# Work to complete:
In the listing below, start your output at the line with "Lemma colon_I3_addxy_sub g" and end it after the line with "by rewrite /mpath", copying every line exactly.

# Record extracts:
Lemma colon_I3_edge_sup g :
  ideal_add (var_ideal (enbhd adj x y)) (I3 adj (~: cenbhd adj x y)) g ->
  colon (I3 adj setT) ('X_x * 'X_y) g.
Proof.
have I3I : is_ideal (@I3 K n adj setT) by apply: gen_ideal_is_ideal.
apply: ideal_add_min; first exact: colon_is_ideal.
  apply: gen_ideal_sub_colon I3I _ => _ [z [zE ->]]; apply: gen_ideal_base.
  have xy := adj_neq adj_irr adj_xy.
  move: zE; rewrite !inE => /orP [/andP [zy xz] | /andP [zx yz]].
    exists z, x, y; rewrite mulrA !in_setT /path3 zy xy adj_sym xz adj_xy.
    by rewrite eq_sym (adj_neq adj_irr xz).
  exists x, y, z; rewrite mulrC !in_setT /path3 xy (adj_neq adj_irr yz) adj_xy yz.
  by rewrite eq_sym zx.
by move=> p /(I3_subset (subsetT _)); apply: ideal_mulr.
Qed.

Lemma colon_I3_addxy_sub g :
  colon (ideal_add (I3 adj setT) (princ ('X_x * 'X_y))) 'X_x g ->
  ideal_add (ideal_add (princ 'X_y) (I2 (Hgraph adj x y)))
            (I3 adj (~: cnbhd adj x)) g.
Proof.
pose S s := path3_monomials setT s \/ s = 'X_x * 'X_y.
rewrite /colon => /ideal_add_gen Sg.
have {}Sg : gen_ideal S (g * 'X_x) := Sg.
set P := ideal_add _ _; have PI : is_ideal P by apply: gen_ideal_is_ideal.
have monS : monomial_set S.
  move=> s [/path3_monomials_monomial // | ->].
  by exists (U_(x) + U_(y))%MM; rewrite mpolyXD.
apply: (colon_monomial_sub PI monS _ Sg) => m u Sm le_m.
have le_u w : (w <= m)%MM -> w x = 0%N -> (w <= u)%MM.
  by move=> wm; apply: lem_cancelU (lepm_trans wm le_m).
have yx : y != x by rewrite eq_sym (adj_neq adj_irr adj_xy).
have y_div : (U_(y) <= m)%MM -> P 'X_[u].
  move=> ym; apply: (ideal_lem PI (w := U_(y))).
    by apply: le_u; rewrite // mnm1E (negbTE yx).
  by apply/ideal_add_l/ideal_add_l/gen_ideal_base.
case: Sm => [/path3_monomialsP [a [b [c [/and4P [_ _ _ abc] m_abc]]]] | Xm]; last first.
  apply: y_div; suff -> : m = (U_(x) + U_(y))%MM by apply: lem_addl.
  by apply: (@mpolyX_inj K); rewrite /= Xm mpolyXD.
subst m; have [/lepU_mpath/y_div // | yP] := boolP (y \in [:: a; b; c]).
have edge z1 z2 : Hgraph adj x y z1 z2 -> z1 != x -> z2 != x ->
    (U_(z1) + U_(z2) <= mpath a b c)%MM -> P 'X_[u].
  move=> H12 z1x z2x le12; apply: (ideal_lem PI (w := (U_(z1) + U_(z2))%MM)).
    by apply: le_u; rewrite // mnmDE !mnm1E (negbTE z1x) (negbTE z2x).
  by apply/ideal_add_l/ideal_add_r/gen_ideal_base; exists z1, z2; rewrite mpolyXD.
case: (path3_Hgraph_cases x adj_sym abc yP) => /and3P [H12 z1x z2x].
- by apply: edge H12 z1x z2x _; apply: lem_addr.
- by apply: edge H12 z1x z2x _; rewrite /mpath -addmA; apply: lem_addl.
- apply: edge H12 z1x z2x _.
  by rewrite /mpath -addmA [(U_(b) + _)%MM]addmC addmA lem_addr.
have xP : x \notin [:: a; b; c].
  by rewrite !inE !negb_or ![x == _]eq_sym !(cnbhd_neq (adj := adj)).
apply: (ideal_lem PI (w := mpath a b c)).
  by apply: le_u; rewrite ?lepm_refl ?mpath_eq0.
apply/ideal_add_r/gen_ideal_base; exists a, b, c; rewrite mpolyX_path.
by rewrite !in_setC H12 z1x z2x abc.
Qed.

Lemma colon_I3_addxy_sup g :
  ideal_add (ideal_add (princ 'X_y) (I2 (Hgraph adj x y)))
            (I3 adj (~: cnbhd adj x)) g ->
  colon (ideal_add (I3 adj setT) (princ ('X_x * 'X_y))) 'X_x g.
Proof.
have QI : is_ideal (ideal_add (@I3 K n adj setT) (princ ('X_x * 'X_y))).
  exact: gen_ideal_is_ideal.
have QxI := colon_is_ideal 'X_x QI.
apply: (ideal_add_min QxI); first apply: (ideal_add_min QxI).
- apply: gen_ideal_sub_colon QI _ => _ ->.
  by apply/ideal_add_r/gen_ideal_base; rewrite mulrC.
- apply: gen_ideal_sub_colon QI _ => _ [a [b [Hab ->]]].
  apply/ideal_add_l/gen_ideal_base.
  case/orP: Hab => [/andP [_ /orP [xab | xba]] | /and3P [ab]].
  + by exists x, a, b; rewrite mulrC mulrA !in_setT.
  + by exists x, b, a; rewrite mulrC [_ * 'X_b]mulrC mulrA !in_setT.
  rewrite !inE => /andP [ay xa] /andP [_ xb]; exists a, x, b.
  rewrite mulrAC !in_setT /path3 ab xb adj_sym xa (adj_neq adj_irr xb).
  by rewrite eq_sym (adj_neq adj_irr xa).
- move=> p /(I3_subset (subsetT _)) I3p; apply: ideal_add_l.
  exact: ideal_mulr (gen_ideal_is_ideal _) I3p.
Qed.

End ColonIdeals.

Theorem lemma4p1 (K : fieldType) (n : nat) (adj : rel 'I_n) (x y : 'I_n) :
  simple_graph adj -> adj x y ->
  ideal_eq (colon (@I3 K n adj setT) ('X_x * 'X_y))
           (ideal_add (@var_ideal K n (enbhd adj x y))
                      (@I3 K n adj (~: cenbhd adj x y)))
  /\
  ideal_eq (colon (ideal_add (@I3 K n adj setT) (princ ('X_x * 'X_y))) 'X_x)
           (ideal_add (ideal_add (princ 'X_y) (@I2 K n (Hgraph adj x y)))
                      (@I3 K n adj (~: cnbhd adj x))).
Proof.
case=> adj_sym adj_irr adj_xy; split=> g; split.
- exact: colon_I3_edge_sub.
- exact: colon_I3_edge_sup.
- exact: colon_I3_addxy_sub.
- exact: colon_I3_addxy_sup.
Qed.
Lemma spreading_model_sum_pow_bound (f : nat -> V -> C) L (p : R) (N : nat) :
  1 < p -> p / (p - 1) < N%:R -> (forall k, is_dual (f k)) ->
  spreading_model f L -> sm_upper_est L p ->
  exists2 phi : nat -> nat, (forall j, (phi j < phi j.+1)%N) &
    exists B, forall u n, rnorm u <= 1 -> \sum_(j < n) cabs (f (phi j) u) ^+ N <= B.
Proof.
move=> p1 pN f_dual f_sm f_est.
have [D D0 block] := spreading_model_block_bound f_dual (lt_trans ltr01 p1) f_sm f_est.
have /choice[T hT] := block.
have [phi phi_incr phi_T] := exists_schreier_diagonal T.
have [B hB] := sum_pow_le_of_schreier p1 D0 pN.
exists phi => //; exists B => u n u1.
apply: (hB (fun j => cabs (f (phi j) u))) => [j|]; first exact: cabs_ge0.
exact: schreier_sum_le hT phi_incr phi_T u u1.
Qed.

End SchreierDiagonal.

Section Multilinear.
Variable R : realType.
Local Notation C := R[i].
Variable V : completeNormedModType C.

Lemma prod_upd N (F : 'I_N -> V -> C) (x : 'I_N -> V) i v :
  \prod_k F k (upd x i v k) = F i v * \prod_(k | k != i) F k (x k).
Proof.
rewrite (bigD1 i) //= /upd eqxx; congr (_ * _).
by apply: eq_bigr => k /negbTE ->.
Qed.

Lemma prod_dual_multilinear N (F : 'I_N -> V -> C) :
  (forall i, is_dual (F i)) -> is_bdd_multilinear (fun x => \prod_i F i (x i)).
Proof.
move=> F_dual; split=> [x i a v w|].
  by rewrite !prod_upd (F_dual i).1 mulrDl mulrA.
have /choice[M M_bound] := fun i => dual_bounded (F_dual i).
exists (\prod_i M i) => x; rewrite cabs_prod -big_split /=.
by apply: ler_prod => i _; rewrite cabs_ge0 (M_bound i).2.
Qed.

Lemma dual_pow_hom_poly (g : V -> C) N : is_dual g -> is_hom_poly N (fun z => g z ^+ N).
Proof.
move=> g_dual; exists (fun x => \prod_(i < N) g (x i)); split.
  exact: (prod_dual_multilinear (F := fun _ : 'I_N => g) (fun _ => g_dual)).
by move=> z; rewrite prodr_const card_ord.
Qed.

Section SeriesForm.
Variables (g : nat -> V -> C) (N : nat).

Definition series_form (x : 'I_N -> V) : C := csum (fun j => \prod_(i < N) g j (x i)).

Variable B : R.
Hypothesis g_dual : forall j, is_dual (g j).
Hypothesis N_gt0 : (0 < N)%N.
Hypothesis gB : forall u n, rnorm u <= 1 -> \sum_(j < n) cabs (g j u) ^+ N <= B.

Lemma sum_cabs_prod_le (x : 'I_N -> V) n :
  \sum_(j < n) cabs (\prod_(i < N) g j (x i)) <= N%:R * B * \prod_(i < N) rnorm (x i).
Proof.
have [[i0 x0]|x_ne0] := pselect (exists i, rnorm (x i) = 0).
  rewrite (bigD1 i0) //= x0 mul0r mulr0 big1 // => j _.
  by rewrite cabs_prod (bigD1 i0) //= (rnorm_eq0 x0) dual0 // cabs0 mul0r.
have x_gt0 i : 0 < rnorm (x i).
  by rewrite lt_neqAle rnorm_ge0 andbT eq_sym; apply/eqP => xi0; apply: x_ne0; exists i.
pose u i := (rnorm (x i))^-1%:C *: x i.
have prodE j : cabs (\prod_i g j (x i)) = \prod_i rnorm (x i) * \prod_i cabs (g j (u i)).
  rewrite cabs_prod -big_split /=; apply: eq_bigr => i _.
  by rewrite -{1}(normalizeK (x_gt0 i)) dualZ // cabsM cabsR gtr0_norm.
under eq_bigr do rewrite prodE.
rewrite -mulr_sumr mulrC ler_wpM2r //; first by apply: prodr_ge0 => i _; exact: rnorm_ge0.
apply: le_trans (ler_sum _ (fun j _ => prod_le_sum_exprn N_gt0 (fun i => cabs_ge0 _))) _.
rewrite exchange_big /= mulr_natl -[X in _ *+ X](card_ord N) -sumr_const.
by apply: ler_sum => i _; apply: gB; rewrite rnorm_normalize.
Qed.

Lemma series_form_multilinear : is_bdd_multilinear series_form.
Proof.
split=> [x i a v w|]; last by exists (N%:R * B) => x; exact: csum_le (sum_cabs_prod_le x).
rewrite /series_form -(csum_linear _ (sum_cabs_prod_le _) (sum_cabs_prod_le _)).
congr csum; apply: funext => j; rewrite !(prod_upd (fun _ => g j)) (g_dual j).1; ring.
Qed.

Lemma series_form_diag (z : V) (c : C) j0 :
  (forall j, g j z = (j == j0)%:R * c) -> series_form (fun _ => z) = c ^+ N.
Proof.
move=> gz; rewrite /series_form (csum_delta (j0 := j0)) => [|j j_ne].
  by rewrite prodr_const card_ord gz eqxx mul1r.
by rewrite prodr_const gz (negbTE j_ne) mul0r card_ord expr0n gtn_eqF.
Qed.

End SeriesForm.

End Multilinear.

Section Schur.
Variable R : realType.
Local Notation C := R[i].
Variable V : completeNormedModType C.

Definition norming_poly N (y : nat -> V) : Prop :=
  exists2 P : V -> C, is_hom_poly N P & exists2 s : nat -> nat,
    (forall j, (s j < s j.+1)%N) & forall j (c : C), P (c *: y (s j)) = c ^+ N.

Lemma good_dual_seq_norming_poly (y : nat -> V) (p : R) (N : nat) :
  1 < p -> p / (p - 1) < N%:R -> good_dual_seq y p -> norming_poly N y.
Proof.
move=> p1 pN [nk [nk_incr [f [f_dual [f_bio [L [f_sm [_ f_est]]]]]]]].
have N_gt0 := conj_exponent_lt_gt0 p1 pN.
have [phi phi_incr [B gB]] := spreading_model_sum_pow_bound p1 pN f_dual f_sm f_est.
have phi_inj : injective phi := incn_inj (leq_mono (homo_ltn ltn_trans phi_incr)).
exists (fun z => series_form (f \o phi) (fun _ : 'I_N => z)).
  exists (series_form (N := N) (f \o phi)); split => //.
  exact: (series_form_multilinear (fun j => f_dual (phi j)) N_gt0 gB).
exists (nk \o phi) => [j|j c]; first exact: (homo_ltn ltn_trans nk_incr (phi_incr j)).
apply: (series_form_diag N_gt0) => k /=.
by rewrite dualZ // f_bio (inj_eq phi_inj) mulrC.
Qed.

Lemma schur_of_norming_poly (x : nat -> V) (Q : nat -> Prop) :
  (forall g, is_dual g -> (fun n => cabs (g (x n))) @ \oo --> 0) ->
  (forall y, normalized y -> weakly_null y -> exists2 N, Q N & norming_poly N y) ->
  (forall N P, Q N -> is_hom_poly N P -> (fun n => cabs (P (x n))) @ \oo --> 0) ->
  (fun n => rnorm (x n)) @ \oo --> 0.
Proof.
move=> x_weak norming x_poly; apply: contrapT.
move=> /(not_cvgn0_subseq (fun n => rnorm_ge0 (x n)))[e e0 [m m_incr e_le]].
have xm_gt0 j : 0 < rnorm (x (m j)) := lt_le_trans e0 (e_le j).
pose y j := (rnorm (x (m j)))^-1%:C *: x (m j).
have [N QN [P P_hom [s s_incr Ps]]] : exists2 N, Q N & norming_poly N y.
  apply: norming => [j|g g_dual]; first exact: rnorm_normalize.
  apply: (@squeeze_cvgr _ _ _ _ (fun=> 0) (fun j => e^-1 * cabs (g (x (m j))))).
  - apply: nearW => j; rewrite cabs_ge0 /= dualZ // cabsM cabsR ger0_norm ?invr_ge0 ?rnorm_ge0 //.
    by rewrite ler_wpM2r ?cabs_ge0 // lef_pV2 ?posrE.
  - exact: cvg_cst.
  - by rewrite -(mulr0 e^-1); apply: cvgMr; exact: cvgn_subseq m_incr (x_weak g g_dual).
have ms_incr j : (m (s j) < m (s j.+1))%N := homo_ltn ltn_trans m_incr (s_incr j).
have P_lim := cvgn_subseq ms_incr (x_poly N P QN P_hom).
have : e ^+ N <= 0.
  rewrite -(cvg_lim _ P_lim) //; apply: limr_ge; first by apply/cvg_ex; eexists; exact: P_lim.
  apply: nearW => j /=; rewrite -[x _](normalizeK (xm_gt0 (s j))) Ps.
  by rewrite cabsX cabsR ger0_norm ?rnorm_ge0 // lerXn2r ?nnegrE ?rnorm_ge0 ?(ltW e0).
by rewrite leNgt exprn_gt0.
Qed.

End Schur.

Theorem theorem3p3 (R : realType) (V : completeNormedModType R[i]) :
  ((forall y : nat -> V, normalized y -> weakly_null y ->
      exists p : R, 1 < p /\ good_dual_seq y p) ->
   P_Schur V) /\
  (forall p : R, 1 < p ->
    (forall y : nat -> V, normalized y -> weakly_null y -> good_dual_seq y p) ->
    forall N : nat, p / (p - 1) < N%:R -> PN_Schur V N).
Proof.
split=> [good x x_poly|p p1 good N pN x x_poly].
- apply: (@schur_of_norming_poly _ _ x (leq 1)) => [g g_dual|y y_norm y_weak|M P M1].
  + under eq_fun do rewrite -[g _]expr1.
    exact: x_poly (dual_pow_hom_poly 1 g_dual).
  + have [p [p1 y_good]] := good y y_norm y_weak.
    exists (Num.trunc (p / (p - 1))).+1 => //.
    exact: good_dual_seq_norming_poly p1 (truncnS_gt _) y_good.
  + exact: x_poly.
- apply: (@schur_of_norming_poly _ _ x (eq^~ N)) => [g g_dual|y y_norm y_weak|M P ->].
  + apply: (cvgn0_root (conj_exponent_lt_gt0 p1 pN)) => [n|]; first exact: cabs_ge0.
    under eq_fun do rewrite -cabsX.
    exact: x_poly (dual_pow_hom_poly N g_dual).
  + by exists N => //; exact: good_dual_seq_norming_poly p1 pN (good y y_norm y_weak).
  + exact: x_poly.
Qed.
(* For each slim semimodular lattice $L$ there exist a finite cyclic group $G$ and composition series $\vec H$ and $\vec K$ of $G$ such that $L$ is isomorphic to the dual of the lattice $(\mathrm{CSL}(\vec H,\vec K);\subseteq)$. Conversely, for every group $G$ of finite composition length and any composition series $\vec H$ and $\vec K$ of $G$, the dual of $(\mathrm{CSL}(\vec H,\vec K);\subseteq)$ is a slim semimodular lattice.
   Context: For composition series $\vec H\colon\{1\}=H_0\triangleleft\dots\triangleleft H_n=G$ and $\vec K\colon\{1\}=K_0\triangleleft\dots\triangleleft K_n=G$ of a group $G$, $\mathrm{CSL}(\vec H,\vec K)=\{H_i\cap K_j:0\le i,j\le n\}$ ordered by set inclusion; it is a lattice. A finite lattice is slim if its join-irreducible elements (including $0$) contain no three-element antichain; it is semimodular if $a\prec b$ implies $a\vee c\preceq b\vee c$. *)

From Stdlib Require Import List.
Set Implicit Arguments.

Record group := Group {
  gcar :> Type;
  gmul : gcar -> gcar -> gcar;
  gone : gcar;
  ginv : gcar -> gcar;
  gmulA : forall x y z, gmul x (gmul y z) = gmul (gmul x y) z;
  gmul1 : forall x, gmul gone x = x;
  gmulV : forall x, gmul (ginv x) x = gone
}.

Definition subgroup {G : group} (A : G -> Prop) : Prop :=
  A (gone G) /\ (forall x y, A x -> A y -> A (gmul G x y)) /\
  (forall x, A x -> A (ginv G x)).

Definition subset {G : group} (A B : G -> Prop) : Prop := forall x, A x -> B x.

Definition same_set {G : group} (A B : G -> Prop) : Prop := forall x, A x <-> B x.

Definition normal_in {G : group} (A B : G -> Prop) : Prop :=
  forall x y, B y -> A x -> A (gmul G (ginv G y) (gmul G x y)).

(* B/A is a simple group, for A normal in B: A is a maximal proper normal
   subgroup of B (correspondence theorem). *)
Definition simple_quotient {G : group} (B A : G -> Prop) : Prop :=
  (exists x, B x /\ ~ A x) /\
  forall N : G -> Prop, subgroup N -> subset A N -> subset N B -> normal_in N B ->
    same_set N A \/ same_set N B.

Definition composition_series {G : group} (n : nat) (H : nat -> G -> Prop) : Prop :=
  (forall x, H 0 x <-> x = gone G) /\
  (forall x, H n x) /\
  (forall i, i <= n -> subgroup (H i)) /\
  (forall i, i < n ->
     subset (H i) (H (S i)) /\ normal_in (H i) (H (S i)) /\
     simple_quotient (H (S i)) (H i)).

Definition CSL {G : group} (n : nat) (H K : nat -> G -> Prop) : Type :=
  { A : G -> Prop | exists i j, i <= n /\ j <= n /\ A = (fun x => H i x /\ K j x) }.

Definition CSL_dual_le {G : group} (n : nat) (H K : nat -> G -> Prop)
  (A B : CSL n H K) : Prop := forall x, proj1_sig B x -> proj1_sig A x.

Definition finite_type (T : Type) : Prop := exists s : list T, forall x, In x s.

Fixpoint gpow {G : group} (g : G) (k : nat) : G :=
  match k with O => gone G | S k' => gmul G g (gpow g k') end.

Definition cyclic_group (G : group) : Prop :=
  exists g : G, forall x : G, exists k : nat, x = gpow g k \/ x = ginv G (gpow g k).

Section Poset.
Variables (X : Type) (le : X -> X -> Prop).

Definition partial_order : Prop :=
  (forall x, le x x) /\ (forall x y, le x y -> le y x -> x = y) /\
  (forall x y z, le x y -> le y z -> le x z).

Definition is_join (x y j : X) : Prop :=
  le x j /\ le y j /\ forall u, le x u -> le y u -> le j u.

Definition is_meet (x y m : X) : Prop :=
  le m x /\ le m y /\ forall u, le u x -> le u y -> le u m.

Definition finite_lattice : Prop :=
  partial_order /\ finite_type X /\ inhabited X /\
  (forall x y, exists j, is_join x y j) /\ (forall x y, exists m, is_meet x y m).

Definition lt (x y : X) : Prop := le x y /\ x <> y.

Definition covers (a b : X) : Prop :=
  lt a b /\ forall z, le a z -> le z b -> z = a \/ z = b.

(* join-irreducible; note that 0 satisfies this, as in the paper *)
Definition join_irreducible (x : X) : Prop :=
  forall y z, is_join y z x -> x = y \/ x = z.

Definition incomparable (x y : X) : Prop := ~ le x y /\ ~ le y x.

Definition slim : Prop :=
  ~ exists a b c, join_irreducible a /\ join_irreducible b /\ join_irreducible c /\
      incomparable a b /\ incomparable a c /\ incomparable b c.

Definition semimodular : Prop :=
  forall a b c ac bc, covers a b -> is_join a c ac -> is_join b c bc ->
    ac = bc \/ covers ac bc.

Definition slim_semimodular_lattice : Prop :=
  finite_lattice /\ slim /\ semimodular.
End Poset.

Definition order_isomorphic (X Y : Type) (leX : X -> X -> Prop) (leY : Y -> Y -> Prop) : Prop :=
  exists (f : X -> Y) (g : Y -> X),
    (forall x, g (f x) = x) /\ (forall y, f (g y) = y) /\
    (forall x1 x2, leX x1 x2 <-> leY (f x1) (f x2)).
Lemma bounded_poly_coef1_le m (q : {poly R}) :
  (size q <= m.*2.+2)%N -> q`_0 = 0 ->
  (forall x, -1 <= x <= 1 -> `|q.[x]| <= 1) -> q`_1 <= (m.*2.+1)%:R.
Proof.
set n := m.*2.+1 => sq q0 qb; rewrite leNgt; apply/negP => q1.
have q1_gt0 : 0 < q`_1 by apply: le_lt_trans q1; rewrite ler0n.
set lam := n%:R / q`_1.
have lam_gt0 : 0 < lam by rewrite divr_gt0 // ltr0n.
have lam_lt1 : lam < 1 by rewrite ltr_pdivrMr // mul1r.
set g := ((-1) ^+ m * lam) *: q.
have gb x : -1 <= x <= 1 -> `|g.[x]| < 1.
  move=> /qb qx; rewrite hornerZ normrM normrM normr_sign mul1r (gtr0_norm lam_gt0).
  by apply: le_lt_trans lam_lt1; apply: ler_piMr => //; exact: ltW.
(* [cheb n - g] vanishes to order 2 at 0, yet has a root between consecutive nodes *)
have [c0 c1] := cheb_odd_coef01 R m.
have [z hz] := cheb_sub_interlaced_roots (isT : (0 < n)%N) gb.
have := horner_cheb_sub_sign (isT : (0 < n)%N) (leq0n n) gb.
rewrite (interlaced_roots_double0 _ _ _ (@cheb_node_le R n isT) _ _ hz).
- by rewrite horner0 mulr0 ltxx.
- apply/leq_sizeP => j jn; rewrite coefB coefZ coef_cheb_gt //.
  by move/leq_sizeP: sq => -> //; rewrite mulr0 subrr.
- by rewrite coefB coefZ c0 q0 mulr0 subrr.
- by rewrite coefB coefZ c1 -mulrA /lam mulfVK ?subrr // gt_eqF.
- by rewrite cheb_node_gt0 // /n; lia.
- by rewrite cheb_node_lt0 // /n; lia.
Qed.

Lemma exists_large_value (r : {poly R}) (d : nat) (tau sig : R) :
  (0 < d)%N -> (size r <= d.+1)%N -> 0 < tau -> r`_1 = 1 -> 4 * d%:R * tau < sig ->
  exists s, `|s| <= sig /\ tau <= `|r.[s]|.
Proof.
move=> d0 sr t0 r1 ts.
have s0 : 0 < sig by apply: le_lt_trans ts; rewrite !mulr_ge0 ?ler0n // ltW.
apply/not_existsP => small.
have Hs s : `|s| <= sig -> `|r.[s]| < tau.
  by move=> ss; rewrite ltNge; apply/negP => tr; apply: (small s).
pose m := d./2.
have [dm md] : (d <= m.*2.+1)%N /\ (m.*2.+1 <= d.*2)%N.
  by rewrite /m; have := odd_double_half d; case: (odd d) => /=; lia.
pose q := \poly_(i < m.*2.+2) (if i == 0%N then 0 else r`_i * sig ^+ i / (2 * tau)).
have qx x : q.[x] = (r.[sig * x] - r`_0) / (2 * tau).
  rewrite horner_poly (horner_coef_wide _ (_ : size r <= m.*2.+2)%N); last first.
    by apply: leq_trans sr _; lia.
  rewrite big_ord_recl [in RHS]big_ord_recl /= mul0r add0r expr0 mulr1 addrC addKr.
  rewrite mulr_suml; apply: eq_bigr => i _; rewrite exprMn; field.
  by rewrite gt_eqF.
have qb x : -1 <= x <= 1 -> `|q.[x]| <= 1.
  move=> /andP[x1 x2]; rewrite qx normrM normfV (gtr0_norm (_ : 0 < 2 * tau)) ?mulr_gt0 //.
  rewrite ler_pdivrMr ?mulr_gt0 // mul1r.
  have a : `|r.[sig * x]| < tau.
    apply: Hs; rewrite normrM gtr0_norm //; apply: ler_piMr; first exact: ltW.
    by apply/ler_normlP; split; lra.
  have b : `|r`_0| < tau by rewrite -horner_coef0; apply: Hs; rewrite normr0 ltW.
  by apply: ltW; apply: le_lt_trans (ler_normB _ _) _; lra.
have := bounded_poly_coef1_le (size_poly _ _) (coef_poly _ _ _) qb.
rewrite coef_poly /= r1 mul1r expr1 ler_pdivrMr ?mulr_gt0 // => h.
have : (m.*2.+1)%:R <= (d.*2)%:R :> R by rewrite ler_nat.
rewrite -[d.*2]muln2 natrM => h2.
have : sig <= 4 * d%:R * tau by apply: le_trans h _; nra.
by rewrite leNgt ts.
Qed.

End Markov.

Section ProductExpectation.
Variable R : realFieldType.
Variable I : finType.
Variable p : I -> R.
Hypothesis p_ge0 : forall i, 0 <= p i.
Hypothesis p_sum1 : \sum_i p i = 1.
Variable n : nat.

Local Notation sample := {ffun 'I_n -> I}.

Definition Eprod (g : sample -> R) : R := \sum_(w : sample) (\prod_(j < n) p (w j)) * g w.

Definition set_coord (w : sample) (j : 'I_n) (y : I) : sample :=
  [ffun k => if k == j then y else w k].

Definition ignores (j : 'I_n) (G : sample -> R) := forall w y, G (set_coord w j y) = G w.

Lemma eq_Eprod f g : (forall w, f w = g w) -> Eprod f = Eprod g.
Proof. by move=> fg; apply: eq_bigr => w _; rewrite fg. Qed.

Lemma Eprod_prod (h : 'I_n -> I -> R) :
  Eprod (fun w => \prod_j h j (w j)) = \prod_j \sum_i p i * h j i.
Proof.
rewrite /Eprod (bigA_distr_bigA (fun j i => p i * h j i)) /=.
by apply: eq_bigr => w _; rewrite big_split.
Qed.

# Answer for this exercise:
Lemma colon_I3_addxy_sub g :
  colon (ideal_add (I3 adj setT) (princ ('X_x * 'X_y))) 'X_x g ->
  ideal_add (ideal_add (princ 'X_y) (I2 (Hgraph adj x y)))
            (I3 adj (~: cnbhd adj x)) g.
Proof.
pose S s := path3_monomials setT s \/ s = 'X_x * 'X_y.
rewrite /colon => /ideal_add_gen Sg.
have {}Sg : gen_ideal S (g * 'X_x) := Sg.
set P := ideal_add _ _; have PI : is_ideal P by apply: gen_ideal_is_ideal.
have monS : monomial_set S.
  move=> s [/path3_monomials_monomial // | ->].
  by exists (U_(x) + U_(y))%MM; rewrite mpolyXD.
apply: (colon_monomial_sub PI monS _ Sg) => m u Sm le_m.
have le_u w : (w <= m)%MM -> w x = 0%N -> (w <= u)%MM.
  by move=> wm; apply: lem_cancelU (lepm_trans wm le_m).
have yx : y != x by rewrite eq_sym (adj_neq adj_irr adj_xy).
have y_div : (U_(y) <= m)%MM -> P 'X_[u].
  move=> ym; apply: (ideal_lem PI (w := U_(y))).
    by apply: le_u; rewrite // mnm1E (negbTE yx).
  by apply/ideal_add_l/ideal_add_l/gen_ideal_base.
case: Sm => [/path3_monomialsP [a [b [c [/and4P [_ _ _ abc] m_abc]]]] | Xm]; last first.
  apply: y_div; suff -> : m = (U_(x) + U_(y))%MM by apply: lem_addl.
  by apply: (@mpolyX_inj K); rewrite /= Xm mpolyXD.
subst m; have [/lepU_mpath/y_div // | yP] := boolP (y \in [:: a; b; c]).
have edge z1 z2 : Hgraph adj x y z1 z2 -> z1 != x -> z2 != x ->
    (U_(z1) + U_(z2) <= mpath a b c)%MM -> P 'X_[u].
  move=> H12 z1x z2x le12; apply: (ideal_lem PI (w := (U_(z1) + U_(z2))%MM)).
    by apply: le_u; rewrite // mnmDE !mnm1E (negbTE z1x) (negbTE z2x).
  by apply/ideal_add_l/ideal_add_r/gen_ideal_base; exists z1, z2; rewrite mpolyXD.
case: (path3_Hgraph_cases x adj_sym abc yP) => /and3P [H12 z1x z2x].
- by apply: edge H12 z1x z2x _; apply: lem_addr.
- by apply: edge H12 z1x z2x _; rewrite /mpath -addmA; apply: lem_addl.
- apply: edge H12 z1x z2x _.
  by rewrite /mpath -addmA [(U_(b) + _)%MM]addmC addmA lem_addr.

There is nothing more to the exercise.